Problem to work on:
For every line in the records below that holds "Fixpoint", make a copy.
··· Data ···
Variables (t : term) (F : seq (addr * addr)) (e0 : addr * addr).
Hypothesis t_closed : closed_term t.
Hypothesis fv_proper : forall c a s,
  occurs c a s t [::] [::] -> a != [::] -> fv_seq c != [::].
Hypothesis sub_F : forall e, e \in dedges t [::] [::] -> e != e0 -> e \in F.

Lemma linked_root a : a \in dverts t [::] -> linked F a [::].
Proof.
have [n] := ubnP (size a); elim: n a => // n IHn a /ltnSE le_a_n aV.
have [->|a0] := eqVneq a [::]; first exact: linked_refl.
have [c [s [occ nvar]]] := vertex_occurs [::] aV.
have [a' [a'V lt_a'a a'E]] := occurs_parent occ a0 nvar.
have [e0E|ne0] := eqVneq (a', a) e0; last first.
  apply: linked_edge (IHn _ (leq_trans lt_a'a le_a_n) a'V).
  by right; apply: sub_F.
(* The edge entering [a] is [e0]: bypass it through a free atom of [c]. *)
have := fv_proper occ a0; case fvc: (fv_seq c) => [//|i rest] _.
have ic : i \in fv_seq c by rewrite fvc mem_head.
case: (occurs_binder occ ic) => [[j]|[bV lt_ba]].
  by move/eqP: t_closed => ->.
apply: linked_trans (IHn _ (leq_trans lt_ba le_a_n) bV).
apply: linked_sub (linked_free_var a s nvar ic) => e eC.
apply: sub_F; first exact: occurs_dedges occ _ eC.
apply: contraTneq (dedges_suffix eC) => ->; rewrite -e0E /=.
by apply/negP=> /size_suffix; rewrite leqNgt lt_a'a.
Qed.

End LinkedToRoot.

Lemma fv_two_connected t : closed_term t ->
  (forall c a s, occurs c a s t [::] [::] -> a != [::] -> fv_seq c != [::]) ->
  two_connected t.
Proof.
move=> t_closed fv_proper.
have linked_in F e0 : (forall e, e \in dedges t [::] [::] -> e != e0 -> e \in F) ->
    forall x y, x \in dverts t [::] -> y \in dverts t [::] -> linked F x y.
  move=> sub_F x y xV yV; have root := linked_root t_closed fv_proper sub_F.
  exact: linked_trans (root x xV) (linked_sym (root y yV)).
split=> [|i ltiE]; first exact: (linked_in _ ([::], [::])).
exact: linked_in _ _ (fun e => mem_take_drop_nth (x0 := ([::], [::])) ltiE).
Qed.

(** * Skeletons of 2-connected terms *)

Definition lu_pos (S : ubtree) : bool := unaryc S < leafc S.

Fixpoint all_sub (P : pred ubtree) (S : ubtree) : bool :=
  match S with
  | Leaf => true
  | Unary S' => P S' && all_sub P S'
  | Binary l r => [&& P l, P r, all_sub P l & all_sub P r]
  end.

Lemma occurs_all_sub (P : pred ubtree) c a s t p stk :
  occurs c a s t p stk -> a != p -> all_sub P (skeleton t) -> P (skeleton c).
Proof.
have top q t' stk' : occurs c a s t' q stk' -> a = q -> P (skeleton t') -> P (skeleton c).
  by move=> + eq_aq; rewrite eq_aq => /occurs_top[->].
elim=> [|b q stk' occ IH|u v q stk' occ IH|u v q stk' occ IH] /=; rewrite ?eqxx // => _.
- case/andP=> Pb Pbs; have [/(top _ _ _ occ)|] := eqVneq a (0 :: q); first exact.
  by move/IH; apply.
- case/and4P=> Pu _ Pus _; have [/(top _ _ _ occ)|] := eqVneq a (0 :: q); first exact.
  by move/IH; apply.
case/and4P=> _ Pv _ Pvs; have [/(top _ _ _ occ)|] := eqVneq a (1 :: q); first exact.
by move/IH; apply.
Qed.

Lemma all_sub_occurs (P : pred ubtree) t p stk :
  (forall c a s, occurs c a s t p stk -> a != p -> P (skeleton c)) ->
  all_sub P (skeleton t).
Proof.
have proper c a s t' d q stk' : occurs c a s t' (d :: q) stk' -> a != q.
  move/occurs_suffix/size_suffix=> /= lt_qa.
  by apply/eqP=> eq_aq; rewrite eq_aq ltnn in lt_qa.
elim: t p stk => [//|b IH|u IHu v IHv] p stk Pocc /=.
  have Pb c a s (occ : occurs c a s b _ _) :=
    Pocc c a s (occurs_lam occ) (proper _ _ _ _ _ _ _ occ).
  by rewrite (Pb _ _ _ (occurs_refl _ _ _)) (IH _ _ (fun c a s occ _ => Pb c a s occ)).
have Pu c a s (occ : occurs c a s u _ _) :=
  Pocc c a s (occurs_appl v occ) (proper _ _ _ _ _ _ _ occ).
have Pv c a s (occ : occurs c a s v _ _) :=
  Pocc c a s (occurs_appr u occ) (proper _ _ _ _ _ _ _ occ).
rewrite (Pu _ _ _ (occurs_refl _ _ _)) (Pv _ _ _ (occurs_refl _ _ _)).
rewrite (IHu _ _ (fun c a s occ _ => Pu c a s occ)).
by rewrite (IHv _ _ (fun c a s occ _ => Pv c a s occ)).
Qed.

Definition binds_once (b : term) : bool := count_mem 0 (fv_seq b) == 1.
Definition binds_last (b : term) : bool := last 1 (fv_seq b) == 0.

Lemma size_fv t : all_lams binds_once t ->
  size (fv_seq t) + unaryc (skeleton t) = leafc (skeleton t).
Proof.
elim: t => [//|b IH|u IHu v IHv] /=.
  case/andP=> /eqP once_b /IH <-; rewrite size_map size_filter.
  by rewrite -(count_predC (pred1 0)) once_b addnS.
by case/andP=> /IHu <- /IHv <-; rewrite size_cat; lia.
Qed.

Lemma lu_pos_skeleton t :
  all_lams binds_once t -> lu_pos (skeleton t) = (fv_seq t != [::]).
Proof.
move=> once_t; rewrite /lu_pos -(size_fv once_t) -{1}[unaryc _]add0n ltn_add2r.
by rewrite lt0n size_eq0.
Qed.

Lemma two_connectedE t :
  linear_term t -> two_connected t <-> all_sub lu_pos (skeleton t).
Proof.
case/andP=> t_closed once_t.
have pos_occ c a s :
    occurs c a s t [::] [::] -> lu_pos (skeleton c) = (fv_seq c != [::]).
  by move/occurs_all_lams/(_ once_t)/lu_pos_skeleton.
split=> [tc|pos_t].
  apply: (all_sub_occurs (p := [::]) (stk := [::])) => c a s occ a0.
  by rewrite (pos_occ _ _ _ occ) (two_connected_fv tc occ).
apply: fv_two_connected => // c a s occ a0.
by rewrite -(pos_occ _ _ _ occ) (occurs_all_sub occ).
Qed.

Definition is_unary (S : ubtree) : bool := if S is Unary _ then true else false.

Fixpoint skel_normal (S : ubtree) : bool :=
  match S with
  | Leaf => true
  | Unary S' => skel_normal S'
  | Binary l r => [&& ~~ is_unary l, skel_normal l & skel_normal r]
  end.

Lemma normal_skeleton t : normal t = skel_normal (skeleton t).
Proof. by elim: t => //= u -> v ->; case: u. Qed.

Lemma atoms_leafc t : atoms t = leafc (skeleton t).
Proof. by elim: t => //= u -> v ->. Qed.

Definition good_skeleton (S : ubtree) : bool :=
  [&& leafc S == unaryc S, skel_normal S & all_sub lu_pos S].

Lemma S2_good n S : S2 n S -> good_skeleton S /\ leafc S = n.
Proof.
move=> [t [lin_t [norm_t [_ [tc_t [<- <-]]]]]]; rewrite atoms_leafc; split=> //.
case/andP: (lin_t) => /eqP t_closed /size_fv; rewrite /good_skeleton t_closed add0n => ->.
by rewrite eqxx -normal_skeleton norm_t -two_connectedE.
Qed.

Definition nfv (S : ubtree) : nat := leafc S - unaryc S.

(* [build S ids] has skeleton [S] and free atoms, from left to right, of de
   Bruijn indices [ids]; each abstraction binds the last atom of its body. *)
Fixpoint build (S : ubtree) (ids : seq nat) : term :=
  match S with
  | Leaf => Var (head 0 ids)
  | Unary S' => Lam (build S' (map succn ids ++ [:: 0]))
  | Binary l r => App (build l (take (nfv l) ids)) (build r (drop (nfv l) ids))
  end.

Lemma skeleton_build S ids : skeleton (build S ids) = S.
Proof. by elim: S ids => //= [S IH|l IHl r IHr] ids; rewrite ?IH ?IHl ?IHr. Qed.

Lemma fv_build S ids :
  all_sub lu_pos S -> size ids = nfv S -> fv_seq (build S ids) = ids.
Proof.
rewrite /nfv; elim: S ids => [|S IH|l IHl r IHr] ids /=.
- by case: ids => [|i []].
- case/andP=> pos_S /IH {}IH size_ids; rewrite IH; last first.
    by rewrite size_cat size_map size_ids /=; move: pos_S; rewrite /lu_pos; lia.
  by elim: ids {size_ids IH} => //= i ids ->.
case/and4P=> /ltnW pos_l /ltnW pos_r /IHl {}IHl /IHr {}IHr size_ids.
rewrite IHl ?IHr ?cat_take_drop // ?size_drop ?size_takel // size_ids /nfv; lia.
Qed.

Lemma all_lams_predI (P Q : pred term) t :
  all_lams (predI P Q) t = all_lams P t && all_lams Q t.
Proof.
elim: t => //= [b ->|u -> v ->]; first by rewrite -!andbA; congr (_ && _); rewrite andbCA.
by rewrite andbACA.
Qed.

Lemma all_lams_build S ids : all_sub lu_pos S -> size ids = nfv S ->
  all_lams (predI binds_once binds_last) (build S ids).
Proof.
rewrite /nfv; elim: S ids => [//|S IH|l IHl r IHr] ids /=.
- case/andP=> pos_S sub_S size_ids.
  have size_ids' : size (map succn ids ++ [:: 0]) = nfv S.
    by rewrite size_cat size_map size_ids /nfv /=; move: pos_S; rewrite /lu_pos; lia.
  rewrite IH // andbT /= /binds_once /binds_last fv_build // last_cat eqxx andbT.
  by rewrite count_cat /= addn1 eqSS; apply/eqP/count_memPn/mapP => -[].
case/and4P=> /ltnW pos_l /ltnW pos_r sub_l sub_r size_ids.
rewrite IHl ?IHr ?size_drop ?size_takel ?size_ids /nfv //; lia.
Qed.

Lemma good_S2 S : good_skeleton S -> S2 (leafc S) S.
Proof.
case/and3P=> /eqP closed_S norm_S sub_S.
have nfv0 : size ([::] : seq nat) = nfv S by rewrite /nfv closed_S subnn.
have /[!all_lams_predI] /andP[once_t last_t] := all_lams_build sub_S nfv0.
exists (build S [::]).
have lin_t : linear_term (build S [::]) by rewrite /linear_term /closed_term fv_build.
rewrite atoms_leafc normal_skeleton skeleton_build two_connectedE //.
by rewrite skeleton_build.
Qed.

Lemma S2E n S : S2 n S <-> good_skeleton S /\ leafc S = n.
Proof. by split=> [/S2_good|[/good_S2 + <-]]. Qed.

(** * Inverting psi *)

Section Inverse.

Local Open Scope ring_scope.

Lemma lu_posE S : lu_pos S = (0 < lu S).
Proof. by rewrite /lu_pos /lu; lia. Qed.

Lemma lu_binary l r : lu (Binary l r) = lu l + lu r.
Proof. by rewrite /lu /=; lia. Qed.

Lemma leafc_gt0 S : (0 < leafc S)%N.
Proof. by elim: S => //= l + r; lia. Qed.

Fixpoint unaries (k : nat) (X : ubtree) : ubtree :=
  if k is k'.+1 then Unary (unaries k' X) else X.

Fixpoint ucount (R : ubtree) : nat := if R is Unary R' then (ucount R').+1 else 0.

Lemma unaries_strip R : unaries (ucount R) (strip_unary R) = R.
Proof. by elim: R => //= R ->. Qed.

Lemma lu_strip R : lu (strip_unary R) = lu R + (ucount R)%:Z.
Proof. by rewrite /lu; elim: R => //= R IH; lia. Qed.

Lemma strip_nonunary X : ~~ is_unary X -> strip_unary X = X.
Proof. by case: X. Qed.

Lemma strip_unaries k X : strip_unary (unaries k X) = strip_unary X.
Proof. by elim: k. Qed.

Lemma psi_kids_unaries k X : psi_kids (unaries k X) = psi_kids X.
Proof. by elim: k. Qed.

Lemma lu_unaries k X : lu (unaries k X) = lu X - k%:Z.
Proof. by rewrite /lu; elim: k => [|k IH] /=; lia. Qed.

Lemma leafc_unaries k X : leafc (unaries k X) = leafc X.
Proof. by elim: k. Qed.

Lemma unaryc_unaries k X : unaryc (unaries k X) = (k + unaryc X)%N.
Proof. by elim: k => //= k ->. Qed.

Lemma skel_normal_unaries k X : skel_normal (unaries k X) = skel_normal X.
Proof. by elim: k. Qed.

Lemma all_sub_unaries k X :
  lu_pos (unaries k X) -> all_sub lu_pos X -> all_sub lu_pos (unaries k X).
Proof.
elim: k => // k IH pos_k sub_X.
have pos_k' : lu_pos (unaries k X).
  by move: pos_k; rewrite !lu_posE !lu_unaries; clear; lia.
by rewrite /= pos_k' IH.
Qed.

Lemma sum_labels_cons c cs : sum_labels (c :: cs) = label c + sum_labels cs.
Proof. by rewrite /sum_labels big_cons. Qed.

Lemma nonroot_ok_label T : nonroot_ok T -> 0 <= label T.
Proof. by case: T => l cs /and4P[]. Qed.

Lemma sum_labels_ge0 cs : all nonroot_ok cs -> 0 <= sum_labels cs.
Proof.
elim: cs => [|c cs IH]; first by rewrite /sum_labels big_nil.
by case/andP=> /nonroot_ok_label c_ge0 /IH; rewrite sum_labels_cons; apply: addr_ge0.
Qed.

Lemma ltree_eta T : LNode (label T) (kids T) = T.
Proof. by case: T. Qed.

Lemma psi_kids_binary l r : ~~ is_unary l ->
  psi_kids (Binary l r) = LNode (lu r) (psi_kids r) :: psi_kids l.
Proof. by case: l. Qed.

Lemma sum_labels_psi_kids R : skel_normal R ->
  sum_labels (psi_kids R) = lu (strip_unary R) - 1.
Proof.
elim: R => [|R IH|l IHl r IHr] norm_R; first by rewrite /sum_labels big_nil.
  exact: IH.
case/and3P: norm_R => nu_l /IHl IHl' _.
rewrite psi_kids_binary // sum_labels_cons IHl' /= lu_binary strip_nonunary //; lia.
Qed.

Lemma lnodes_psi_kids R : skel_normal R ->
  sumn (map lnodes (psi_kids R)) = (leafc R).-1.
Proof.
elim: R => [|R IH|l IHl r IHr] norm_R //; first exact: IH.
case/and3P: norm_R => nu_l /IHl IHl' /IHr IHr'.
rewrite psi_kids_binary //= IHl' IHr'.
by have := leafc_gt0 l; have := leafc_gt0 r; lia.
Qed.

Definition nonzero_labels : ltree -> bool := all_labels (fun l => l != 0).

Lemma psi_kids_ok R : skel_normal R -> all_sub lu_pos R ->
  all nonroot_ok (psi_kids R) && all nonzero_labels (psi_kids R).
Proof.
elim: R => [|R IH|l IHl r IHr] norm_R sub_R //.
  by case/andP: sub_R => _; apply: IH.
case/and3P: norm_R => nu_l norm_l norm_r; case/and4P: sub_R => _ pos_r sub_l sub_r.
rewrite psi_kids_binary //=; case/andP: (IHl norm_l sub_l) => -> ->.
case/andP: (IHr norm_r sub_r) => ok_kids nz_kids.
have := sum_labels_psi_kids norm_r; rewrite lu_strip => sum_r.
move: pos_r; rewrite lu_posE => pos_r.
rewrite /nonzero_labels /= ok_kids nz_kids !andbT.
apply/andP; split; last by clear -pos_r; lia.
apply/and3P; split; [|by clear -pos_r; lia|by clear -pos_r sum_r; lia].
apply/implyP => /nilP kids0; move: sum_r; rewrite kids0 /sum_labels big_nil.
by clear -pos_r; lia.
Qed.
···
··· Data ···
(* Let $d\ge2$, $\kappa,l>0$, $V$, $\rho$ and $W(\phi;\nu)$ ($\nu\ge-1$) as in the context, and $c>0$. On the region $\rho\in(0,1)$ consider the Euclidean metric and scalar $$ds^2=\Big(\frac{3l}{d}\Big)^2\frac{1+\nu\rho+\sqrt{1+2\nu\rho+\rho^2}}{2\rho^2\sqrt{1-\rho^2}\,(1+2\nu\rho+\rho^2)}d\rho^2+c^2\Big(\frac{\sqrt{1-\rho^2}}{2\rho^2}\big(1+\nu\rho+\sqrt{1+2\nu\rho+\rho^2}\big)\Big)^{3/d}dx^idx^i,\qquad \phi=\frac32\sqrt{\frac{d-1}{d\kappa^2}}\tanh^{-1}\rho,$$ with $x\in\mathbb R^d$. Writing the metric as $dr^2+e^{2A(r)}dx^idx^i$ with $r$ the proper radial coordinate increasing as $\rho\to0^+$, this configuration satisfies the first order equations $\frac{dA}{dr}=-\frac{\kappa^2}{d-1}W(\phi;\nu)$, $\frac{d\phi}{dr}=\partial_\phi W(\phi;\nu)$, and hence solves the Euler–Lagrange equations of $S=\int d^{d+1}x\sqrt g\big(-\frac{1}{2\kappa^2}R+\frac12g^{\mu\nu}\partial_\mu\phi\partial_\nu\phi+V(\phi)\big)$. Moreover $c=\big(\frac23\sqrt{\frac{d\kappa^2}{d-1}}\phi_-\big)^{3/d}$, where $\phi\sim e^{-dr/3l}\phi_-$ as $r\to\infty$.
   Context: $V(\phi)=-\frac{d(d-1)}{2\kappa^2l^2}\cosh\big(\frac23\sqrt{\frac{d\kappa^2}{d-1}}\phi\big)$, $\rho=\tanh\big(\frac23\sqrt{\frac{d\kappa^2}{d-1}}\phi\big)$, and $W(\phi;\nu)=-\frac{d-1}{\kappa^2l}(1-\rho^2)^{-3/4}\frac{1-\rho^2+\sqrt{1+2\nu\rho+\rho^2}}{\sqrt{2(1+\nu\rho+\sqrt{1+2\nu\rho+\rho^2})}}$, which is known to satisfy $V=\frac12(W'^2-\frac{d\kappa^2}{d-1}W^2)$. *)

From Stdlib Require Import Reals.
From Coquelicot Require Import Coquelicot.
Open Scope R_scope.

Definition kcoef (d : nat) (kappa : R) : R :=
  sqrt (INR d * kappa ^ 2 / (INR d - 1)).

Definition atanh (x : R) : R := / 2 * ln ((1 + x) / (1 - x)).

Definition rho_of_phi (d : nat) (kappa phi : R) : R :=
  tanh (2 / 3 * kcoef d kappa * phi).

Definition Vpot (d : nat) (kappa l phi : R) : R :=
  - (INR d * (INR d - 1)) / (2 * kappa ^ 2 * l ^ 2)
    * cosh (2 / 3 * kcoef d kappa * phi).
···
Response below:
Fixpoint all_sub (P : pred ubtree) (S : ubtree) : bool :=
Fixpoint skel_normal (S : ubtree) : bool :=
Fixpoint build (S : ubtree) (ids : seq nat) : term :=
Fixpoint unaries (k : nat) (X : ubtree) : ubtree :=
Fixpoint ucount (R : ubtree) : nat := if R is Unary R' then (ucount R').+1 else 0.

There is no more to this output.